_Activity_
Restate word for word the lines of the entries below, starting with the line that holds "have : 'i *" and ending with the line that holds "Lemma lieDl m", and no others.

(Stored data entries)

***

(* Let $n_1,\dots,n_r$ be positive integers, pairwise distinct ($n_j\ne n_l$ for $j\ne l$), and let $\mathcal R$ be a real Lie algebra of block diagonal matrices $\mathrm{diag}(A_1,\dots,A_r)$ with $A_j\in su(n_j)$ for each $j$. Assume weak subspace controllability: for every $j\in\{1,\dots,r\}$ and every $Z\in su(n_j)$ there is an element $\mathrm{diag}(A_1,\dots,A_r)\in\mathcal R$ with $A_j=Z$. Then $\mathcal R=\bigoplus_{j=1}^r su(n_j)$ (all block diagonal matrices with arbitrary blocks $A_j\in su(n_j)$). *)

From HB Require Import structures.
From mathcomp Require Import all_boot all_order all_algebra.
Set Implicit Arguments. Unset Strict Implicit. Unset Printing Implicit Defensive.
Import Order.TTheory GRing.Theory Num.Theory.
Local Open Scope ring_scope.

(* Complex scalars: any numeric closed field C (e.g. the complex numbers);
   real scalars are the elements of Num.real. *)

Definition is_su (C : numClosedFieldType) (n : nat) (A : 'M[C]_n) : Prop :=
  (map_mx Num.conj A)^T = - A /\ \tr A = 0.

(* A block diagonal matrix diag(A_1,...,A_r), A_j of size n_j, is represented
   by its family of diagonal blocks. *)
Definition blockdiag (C : numClosedFieldType) (r : nat) (n : 'I_r -> nat) :=
  forall j : 'I_r, 'M[C]_(n j).

Definition bd_add (C : numClosedFieldType) (r : nat) (n : 'I_r -> nat) (A B : @blockdiag C r n) : blockdiag C n :=
  fun j => A j + B j.
Definition bd_scale (C : numClosedFieldType) (r : nat) (n : 'I_r -> nat) (a : C) (A : @blockdiag C r n) : blockdiag C n :=
  fun j => a *: A j.
Definition bd_zero (C : numClosedFieldType) (r : nat) (n : 'I_r -> nat) : @blockdiag C r n := fun j => 0.
Definition bd_bracket (C : numClosedFieldType) (r : nat) (n : 'I_r -> nat) (A B : @blockdiag C r n) : blockdiag C n :=
  fun j => A j *m B j - B j *m A j.

Definition in_sum_su (C : numClosedFieldType) (r : nat) (n : 'I_r -> nat) (A : @blockdiag C r n) : Prop :=
  forall j, is_su (A j).

Definition real_lie_subalg (C : numClosedFieldType) (r : nat) (n : 'I_r -> nat) (L : @blockdiag C r n -> Prop) : Prop :=
  [/\ (forall A, L A -> in_sum_su A),
      L (bd_zero C n),
      (forall A B, L A -> L B -> L (bd_add A B)),
      (forall (a : C) A, a \is Num.real -> L A -> L (bd_scale a A)) &
      (forall A B, L A -> L B -> L (bd_bracket A B))].

Definition weak_subspace_controllable (C : numClosedFieldType) (r : nat) (n : 'I_r -> nat) (L : @blockdiag C r n -> Prop) : Prop :=
  forall (j : 'I_r) (Z : 'M[C]_(n j)), is_su Z -> exists A, L A /\ A j = Z.

From mathcomp Require Import all_boot all_order all_algebra.
From mathcomp Require Import ring zify.
From Stdlib Require Import Classical FunctionalExtensionality.
Set Implicit Arguments. Unset Strict Implicit. Unset Printing Implicit Defensive.
Import Order.TTheory GRing.Theory Num.Theory.
Local Open Scope ring_scope.

(* Fix a block j.  The j-th blocks of the elements of L that vanish on a set
   S of other blocks form an ideal of su(n_j), by weak controllability.  Any
   nonzero ideal of su(n_j) is everything: its complexification contains an
   elementary matrix E_ab (a <> b), hence, bracketing with traceless matrices,
   all of sl(n_j) = su(n_j) + i su(n_j).
   If n_j < n_k, lift the n_k(n_k - 1) real-independent off-diagonal elements
   of su(n_k) to L; their j-blocks are more than n_j^2 skew-Hermitian matrices,
   so some nontrivial real combination kills block j but not block k.  Hence,
   as the n_j are distinct, any two blocks can be decoupled; brackets of
   elements decoupled from one block at a time decouple block j from all the
   others (su(n_j) is not abelian when n_j > 1), and summing the isolated
   blocks gives every element of the direct sum. *)

Section SkewHermitian.
Variable C : numClosedFieldType.

Definition adjmx m n (A : 'M[C]_(m, n)) : 'M[C]_(n, m) := (map_mx Num.conj A)^T.

Lemma adjmxE m n (A : 'M[C]_(m, n)) i j : adjmx A i j = (A j i)^*.
Proof. by rewrite !mxE. Qed.

Lemma adjmx0 m n : adjmx (0 : 'M[C]_(m, n)) = 0.
Proof. by rewrite /adjmx map_mx0 trmx0. Qed.

Lemma adjmxD m n (A B : 'M[C]_(m, n)) : adjmx (A + B) = adjmx A + adjmx B.
Proof. by rewrite /adjmx map_mxD linearD. Qed.

Lemma adjmxN m n (A : 'M[C]_(m, n)) : adjmx (- A) = - adjmx A.
Proof. by rewrite /adjmx map_mxN linearN. Qed.

Lemma adjmxZ m n a (A : 'M[C]_(m, n)) : adjmx (a *: A) = a^* *: adjmx A.
Proof. by rewrite /adjmx map_mxZ linearZ. Qed.

Lemma adjmx_delta m n (i : 'I_m) (j : 'I_n) : adjmx (delta_mx i j) = delta_mx j i.
Proof. by apply/matrixP => x y; rewrite adjmxE !mxE conjC_nat andbC. Qed.

Lemma mxtrace_adjmx m (A : 'M[C]_m) : \tr (adjmx A) = (\tr A)^*.
Proof. by rewrite /adjmx mxtrace_tr trace_map_mx. Qed.

Lemma traceless_su_rect m (W : 'M[C]_m) :
  \tr W = 0 -> exists S1 S2, [/\ is_su S1, is_su S2 & W = S1 + 'i *: S2].
Proof.
move=> trW; have tr_adjW : \tr (adjmx W) = 0 by rewrite mxtrace_adjmx trW conjC0.
exists (2^-1 *: (W - adjmx W)), (- 'i / 2 *: (W + adjmx W)); split.
- split; last by rewrite mxtraceZ linearB /= trW tr_adjW subrr mulr0.
  apply/matrixP => i j; rewrite -/(adjmx _) !(adjmxE, mxE) rmorphM rmorphB /=.
  by rewrite conjCK fmorphV rmorph_nat; ring.
- split; last by rewrite mxtraceZ mxtraceD trW tr_adjW addr0 mulr0.
  apply/matrixP => i j; rewrite -/(adjmx _) !(adjmxE, mxE) !(rmorphM, rmorphD, rmorphN) /=.
  by rewrite conjCK fmorphV rmorph_nat conjCi; ring.
- by apply/matrixP => i j; rewrite !mxE; have := mulCii C => ii; field: ii.
Qed.

Lemma su_rectE m (Z A B : 'M[C]_m) :
  is_su Z -> is_su A -> is_su B -> Z = A + 'i *: B -> Z = A.
Proof.
move=> [adjZ _] [adjA _] [adjB _] eZ.
have herm : adjmx ('i *: B) = 'i *: B.
  by rewrite adjmxZ conjCi /adjmx adjB scalerN scaleNr opprK.
have eB : 'i *: B = Z - A by rewrite eZ addrC addKr.
have skew : adjmx ('i *: B) = - ('i *: B).
  by rewrite eB adjmxD adjmxN /adjmx adjZ adjA opprK opprB addrC.
suff iB0 : 'i *: B = 0 by rewrite eZ iB0 addr0.
apply/matrixP => i j; move/matrixP/(_ i j): skew; rewrite herm !mxE => e.
have : 'i * B i j *+ 2 == 0 by rewrite mulr2n {2}e subrr.
by rewrite mulrn_eq0 => /eqP.
Qed.

End SkewHermitian.

Section LieBracket.
Variable R : comPzRingType.

Definition lie m (X Y : 'M[R]_m) := X *m Y - Y *m X.

Lemma lieDl m (X Y Z : 'M[R]_m) : lie (X + Y) Z = lie X Z + lie Y Z.
Proof. by rewrite /lie mulmxDl mulmxDr opprD addrACA. Qed.

Lemma lieDr m (X Y Z : 'M[R]_m) : lie X (Y + Z) = lie X Y + lie X Z.
Proof. by rewrite /lie mulmxDl mulmxDr opprD addrACA. Qed.

Lemma lieZl m a (X Y : 'M[R]_m) : lie (a *: X) Y = a *: lie X Y.
Proof. by rewrite /lie -scalemxAl -scalemxAr scalerBr. Qed.

Lemma lieZr m a (X Y : 'M[R]_m) : lie X (a *: Y) = a *: lie X Y.
Proof. by rewrite /lie -scalemxAl -scalemxAr scalerBr. Qed.

Lemma lieC m (X Y : 'M[R]_m) : lie X Y = - lie Y X.
Proof. by rewrite /lie opprB. Qed.

Lemma lie_delta m (a b c d : 'I_m) :
  lie (delta_mx a b) (delta_mx c d) = delta_mx a d *+ (b == c) - delta_mx c b *+ (d == a).
Proof. by rewrite /lie !mul_delta_mx_cond. Qed.

Lemma delta_mulmxE m n p (a : 'I_m) (b : 'I_n) (X : 'M[R]_(n, p)) i j :
  (delta_mx a b *m X) i j = (i == a)%:R * X b j.
Proof.
rewrite mxE (bigD1 b) //= big1 ?addr0; first by rewrite mxE eqxx andbT.
by move=> k kb; rewrite mxE (negbTE kb) andbF mul0r.
Qed.

Lemma mulmx_deltaE m n p (a : 'I_n) (b : 'I_p) (X : 'M[R]_(m, n)) i j :
  (X *m delta_mx a b) i j = X i a * (j == b)%:R.
Proof.
rewrite mxE (bigD1 a) //= big1 ?addr0; first by rewrite mxE eqxx.
by move=> k ka; rewrite mxE (negbTE ka) mulr0.
Qed.

Lemma delta_mulmx_delta m (p q x y : 'I_m) (X : 'M[R]_m) :
  delta_mx p q *m X *m delta_mx x y = X q x *: delta_mx p y.
Proof.
apply/matrixP => i j; rewrite mulmx_deltaE delta_mulmxE !mxE.
by case: (i == p); case: (j == y); rewrite /= ?mulr0 ?mul0r ?mulr1 ?mul1r.
Qed.

Lemma lie_delta_lie_delta m (p q : 'I_m) (X : 'M[R]_m) : p != q ->
  lie (delta_mx p q) (lie (delta_mx p q) X) = (- 2 * X q p) *: delta_mx p q.
Proof.
rewrite eq_sym => /negbTE qp.
have EE0 : delta_mx p q *m delta_mx p q = 0 :> 'M[R]_m.
  by rewrite mul_delta_mx_cond qp mulr0n.
rewrite /lie !mulmxBr !mulmxBl !mulmxA EE0 mul0mx -!mulmxA EE0 mulmx0 !mulmxA.
rewrite delta_mulmx_delta; apply/matrixP => i j; rewrite !mxE; ring.
Qed.

Lemma lie_delta_entry m (a b : 'I_m) (X : 'M[R]_m) :
  lie (delta_mx a b) X a b = X b b - X a a.
Proof. by rewrite /lie mxE [X in _ + X]mxE delta_mulmxE mulmx_deltaE !eqxx mul1r mulr1. Qed.

Lemma mxtrace_delta_neq m (a b : 'I_m) : a != b -> \tr (delta_mx a b : 'M[R]_m) = 0.
Proof.
move=> ab; rewrite /mxtrace big1 // => k _; rewrite mxE.
by case: eqP => // ->; rewrite (negbTE ab).
Qed.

***

_Result below_
have : 'i * B i j *+ 2 == 0 by rewrite mulr2n {2}e subrr.
by rewrite mulrn_eq0 => /eqP.
Qed.

End SkewHermitian.

Section LieBracket.
Variable R : comPzRingType.

Definition lie m (X Y : 'M[R]_m) := X *m Y - Y *m X.

Lemma lieDl m (X Y Z : 'M[R]_m) : lie (X + Y) Z = lie X Z + lie Y Z.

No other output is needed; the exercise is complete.